Something necessary to separate you from bad influences of favoritism and pride.
Something necessary to teach you that you need to trust Me completely.
Something necessary to prepare you for the big future I have planned.
And the pit is the beginning of a hard season, where things will not be easy and you will probably question My purposes daily. But there is going to be an amazing climax to your story, and I need the pit and what comes after it to prepare you for it.
And Joseph, God had an amazing story – and an incredible miracle – to do through you. Because it seems you never lost faith. Through all the years, which started with the pit, you trusted God to get you through today and into tomorrow. And you hoped with everything in you for a better tomorrow. Eventually, God honored your faith by allowing you to see – and save – your family again. And you were able to forgive them, completely, because you knew I had been with you and had a big purpose for your life.

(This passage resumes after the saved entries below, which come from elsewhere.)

Lemma walk_uniq (a b : E -> V) x p :
  walk_from a b x p -> uniq (x :: map b p) -> uniq p.
Proof.
move/walk_from_belast => map_a; rewrite lastI rcons_uniq => /andP[_].
by rewrite -map_a => /map_uniq.
Qed.

Lemma walk_crosses (a b : E -> V) (R : {set V}) x p : walk_from a b x p -> x \in R ->
  last x (map b p) \notin R -> has (fun e => (a e \in R) && (b e \notin R)) p.
Proof.
elim: p x => [|e p IHp] x /=; first by move=> _ ->.
case/andP => /eqP-> walk_p aR; case: (boolP (b e \in R)) => [bR lastNR | _].
  by rewrite (IHp _ walk_p bR lastNR) orbT.
by rewrite aR.
Qed.

Lemma max_paths_no_augmenting P : max_disjoint_paths src tgt s t P ->
  ~~ connect (residual (path_edges P)) s t.
Proof.
move=> [dP maxP]; apply/negP => /edge_rel_connect_walk[p [walk_p last_p up _]].
have flowP : flow_to (path_edges P) s (size P).+1.
  move=> v vt; rewrite (is_flow_path_edges dP vt) [s == v]eq_sym.
  by case: (v == s); lia.
have [F' /flow_decomposition[Q [sizeQ dQ _]]] :=
  augment_along_walk walk_p (walk_uniq walk_p up) (fun _ _ => erefl) last_p flowP.
by have := maxP Q dQ; rewrite sizeQ ltnn.
Qed.

Lemma residual_cut F n : is_flow F n -> ~~ connect (residual F) s t ->
  exists X, is_cut src tgt s t X /\ #|X| = n.
Proof.
move=> flowF st_sep; pose R := [set v | connect (residual F) s v].
have sR : s \in R by rewrite inE connect0.
have tNR : t \notin R by rewrite inE.
have closedR e : rsrc F e \in R -> rtgt F e \in R.
  rewrite !inE => /connect_trans; apply; apply: connect1.
  by apply/existsP; exists e; rewrite inE !eqxx.
(* No edge of [F] enters [R] and every edge leaving [R] is in [F], so the edges
   leaving [R] carry the whole flow. *)
exists [set e in F | (src e \in R) && (tgt e \notin R)]; split.
  move=> p /and3P[walk_p /eqP last_p _]; have := walk_crosses walk_p sR.
  rewrite last_p => /(_ tNR) /hasP[e ep /andP[srcR tgtNR]].
  apply/hasP; exists e; rewrite // inE srcR tgtNR /= andbT.
  apply: contraNT tgtNR => eNF.
  by have := closedR e; rewrite /rsrc /rtgt (negbTE eNF); apply.
rewrite -sum_indicator_card; have := flow_across_cut sR tNR flowF.
suff -> : \sum_(e in F) (src e \in R : nat) = \sum_(e in F) (tgt e \in R : nat) +
    \sum_(e in F) ((src e \in R) && (tgt e \notin R) : nat) by lia.
rewrite -big_split; apply: eq_bigr => e eF /=.
have := closedR e; rewrite /rsrc /rtgt eF.
by case: (src e \in R); case: (tgt e \in R) => // /(_ isT).
Qed.

Lemma min_cut_le_paths P X : max_disjoint_paths src tgt s t P ->
  is_min_cut src tgt s t X -> #|X| <= size P.
Proof.
move=> maxP [_ minX]; have [Y [cutY <-]] :=
  residual_cut (is_flow_path_edges (proj1 maxP)) (max_paths_no_augmenting maxP).
exact: minX.
Qed.

Lemma edge_disjoint_paths_uniq Q :
  edge_disjoint_paths src tgt s t Q -> uniq (flatten Q).
Proof.
elim: Q => // p Q IHQ /edge_disjoint_paths_cons[pp dQ dpQ].
rewrite /= cat_uniq path_uniq // IHQ // andbT /=; apply/hasPn => e eQ.
have /(disjointFl dpQ) : e \in path_edges Q by rewrite inE.
by rewrite inE => ->.
Qed.

Lemma count_min_cut_path P X p : max_disjoint_paths src tgt s t P ->
  is_min_cut src tgt s t X -> p \in P -> count (fun f => f \in X) p = 1.
Proof.
move=> maxP minX pP; apply: (sum_pos_le_size_eq1 (r := P)) => // [q qP|].
  by rewrite -has_count; apply: (proj1 minX); apply: (proj1 (proj1 maxP)).
apply: leq_trans (min_cut_le_paths maxP minX).
have -> : \sum_(q <- P) count (fun f => f \in X) q = count (fun f => f \in X) (flatten P).
  by rewrite count_flatten sumnE big_map.
exact/count_mem_le_card/(edge_disjoint_paths_uniq (proj1 maxP)).
Qed.

End Flows.

(** * Minimum cuts along the paths of a maximum packing *)

Section CutsOnPaths.
Variables (V E : finType) (src tgt : E -> V) (s t : V) (P : seq (seq E)).
Section DplusOperatorMatrices.
Variables (R : realType) (M : lmodType R[i]).
Variables (d h : int -> M -> M) (c1 c2 : M -> M).
Hypothesis HD : is_Dmodule d h c1 c2.
Variables (r : nat) (psi : {linear 'rV[R[i]]_r -> M}).
Hypothesis psi_inj : injective psi.
Variables (Dm Hm : int -> 'M[R[i]]_r).
Hypothesis Dm_d : forall m, 1 <= m -> forall x, psi (x *m Dm m) = d m (psi x).
Hypothesis Hm_h : forall k, 0 <= k -> forall x, psi (x *m Hm k) = h k (psi x).

Lemma Dm_comm m l : 1 <= m -> 1 <= l ->
  Dm l *m Dm m - Dm m *m Dm l = (m - l)%:~R *: Dm (m + l).
Proof.
case: HD => _ dd _ _ _ m1 l1; apply: (operator_matrix_inj psi_inj) => x.
rewrite (operator_matrix_commutator (Dm_d l1) (Dm_d m1)) dd ifF ?addr0.
  by rewrite (operator_matrixZ _ (Dm_d (_ : 1 <= m + l))) //; lia.
by apply/negbTE/eqP; lia.
Qed.

Lemma DmHm_comm m k : 1 <= m -> 0 <= k ->
  Hm k *m Dm m - Dm m *m Hm k = - hidx R k *: Hm (m + k).
Proof.
case: HD => _ _ dh _ _ m1 k0; apply: (operator_matrix_inj psi_inj) => x.
rewrite (operator_matrix_commutator (Hm_h k0) (Dm_d m1)) dh.
by rewrite (operator_matrixZ _ (Hm_h (_ : 0 <= m + k))) //; lia.
Qed.

Lemma Hm_comm k l : 0 <= k -> 0 <= l -> Hm l *m Hm k - Hm k *m Hm l = 0.
Proof.
case: HD => _ _ _ hh _ k0 l0; apply: (operator_matrix_inj psi_inj) => x.
rewrite (operator_matrix_commutator (Hm_h l0) (Hm_h k0)) hh mulmx0 linear0 ifF //.
by apply/negbTE/eqP; lia.
Qed.
End DplusOperatorMatrices.

Lemma Dmodule_stable_line (R : realType) (M : lmodType R[i])
    (d h : int -> M -> M) (c1 c2 : M -> M) :
  is_Dmodule d h c1 c2 -> (exists x : M, x != 0) -> Dplus_locally_finite d h ->
  exists2 v : M, v != 0 & Dplus_stable_line d h v.
Proof.
move=> HD [u u0] /(_ u) [s [su [sd sh]]]; have [[ld lh _ _] _ _ _ _] := HD.
have [r [psi [psi_inj psi_onto]]] := span_seq_model s.
have [Dm Dm_d] := operator_matrices psi_onto (fun m _ => ld m) sd.
have [Hm Hm_h] := operator_matrices psi_onto (fun k _ => lh k) sh.
have r0 : (0 < r)%N.
  have [x ux] := (psi_onto u).1 su.
  have /rV0Pn [i _] : x != 0 by apply: contraNneq u0 => x0; rewrite ux x0 linear0.
  exact: leq_ltn_trans (leq0n i) (ltn_ord i).
have [v v0 [vD vH]] := Dplus_matrix_common_eigenvector (Dm_comm HD psi_inj Dm_d)
  (DmHm_comm HD psi_inj Dm_d Hm_h) (Hm_comm HD psi_inj Hm_h) r0.
exists (psi v); first by apply: contraNneq v0; rewrite -(linear0 psi) => /psi_inj ->.
split=> [m m1|k k0].
  by have [a va] := vD m m1; exists a; rewrite -Dm_d // va linearZ.
by have [a va] := vH k k0; exists a; rewrite -Hm_h // va linearZ.
Qed.

Lemma linear_funZ (K : pzRingType) (U V : lmodType K) (f : U -> V) :
  linear f -> forall a x, f (a *: x) = a *: f x.
Proof.
move=> lf; pose fL : {linear U -> V} := HB.pack f (GRing.isLinear.Build _ _ _ _ f lf).
exact: linearZZ fL.
Qed.

Section SimpleModules.
Variables (R : realType) (M : lmodType R[i]).
Variables (d h : int -> M -> M) (c1 c2 : M -> M).
Hypothesis HD : is_Dmodule d h c1 c2.

Lemma Dsimple_generated_by v : Dsimple d h c1 c2 -> v != 0 -> generated_by d h c1 c2 v.
Proof.
move=> [_ Msimple] v0 W WD Wv x; have [W0|//] := Msimple W WD.
by move: v0; rewrite (W0 v Wv) eqxx.
Qed.

Lemma stable_line_eigenvalues v : Dplus_stable_line d h v ->
  exists phid phih : int -> R[i],
    (forall n, 1 <= n -> d n v = phid n *: v) /\ (forall k, 0 <= k -> h k v = phih k *: v).
Proof.
move=> [vd vh].
have [phid dv] : exists phid : int -> R[i], forall n, 1 <= n -> d n v = phid n *: v.
  apply: (choice (fun n a => 1 <= n -> d n v = a *: v)) => n.
  have [n1|_] := boolP (1 <= n); last by exists 0.
  by have [a va] := vd n n1; exists a.
have [phih hv] : exists phih : int -> R[i], forall k, 0 <= k -> h k v = phih k *: v.
  apply: (choice (fun k a => 0 <= k -> h k v = a *: v)) => k.
  have [k0|_] := boolP (0 <= k); last by exists 0.
  by have [a va] := vh k k0; exists a.
by exists phid, phih.
Qed.

Lemma eigenvalues_lie_hom v phid phih : v != 0 ->
  (forall n, 1 <= n -> d n v = phid n *: v) -> (forall k, 0 <= k -> h k v = phih k *: v) ->
  Dplus_lie_hom phid phih.
Proof.
case: HD => [[ld lh _ _] dd dh _ _] v0 dv hv.
have scale_eq0 a : a *: v = 0 -> a = 0.
  by move/eqP; rewrite scaler_eq0 (negbTE v0) orbF => /eqP.
have dZ m a : d m (a *: v) = a *: d m v by exact: linear_funZ.
have hZ k a : h k (a *: v) = a *: h k v by exact: linear_funZ.
split=> [m n m1 n1|m k m1 k0]; apply: scale_eq0.
  have mn0 : (m + n == 0) = false by apply/negbTE/eqP; lia.
  have := dd m n v; rewrite (dv n n1) (dv m m1) dZ dZ (dv n n1) (dv m m1).
  rewrite mn0 addr0 (dv (m + n)); last lia.
  by rewrite !scalerA mulrC subrr => <-.
have := dh m k v; rewrite (hv k k0) (dv m m1) dZ hZ (dv m m1) (hv k k0).
rewrite (hv (m + k)); last lia.
by rewrite !scalerA mulrC subrr => <-.
Qed.

Lemma stable_line_Whittaker v : v != 0 -> Dplus_stable_line d h v ->
  Dsimple d h c1 c2 -> is_Whittaker_module d h c1 c2.
Proof.
move=> v0 vline Msimple; have [phid [phih [dv hv]]] := stable_line_eigenvalues vline.
exists v; split; first exact: v0.
  exact: Dsimple_generated_by.
by exists phid, phih; split => //; exact: eigenvalues_lie_hom dv hv.
Qed.
End SimpleModules.

Theorem theorem6p3 (R : realType) (M : lmodType R[i])
    (d h : int -> M -> M) (c1 c2 : M -> M)
    (HD : is_Dmodule d h c1 c2)
    (Hnz : exists x : M, x != 0)
    (Hlf : Dplus_locally_finite d h) :
  (exists v : M, v != 0 /\ Dplus_stable_line d h v) /\
  (Dsimple d h c1 c2 ->
     is_Whittaker_module d h c1 c2 \/ is_highest_weight_module d h c1 c2).
Proof.
have [v v0 vline] := Dmodule_stable_line HD Hnz Hlf.
split; first by exists v.
by move=> Msimple; left; apply: (stable_line_Whittaker HD v0 vline Msimple).
Qed.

Joseph, I want the same story. I want to look back on this season and say I trusted God so completely that I knew He was going to redeem the bad moments and remind me of the good ones. I want to say that though things seemed dark and dire and distressing I knew God was with me and for me and was setting me up for something amazing in the future. And I want the incredible testimony that comes on the other side of asking “God, what are You doing?” when we refuse to let go of our faith.
Loving Father, please help me remember the pit can be the beginning of something incredible that You are doing. Help me to hold onto my faith and keep my focus on You while things feel painful, perplexing, and without purpose. Help me to remember that You are good and You always have a good plan for my life. Thank You for loving me so much that You never give up on me … and for Your faith that I can survive – and eventually thrive – because of the pit. In Jesus’ almighty name. AMEN!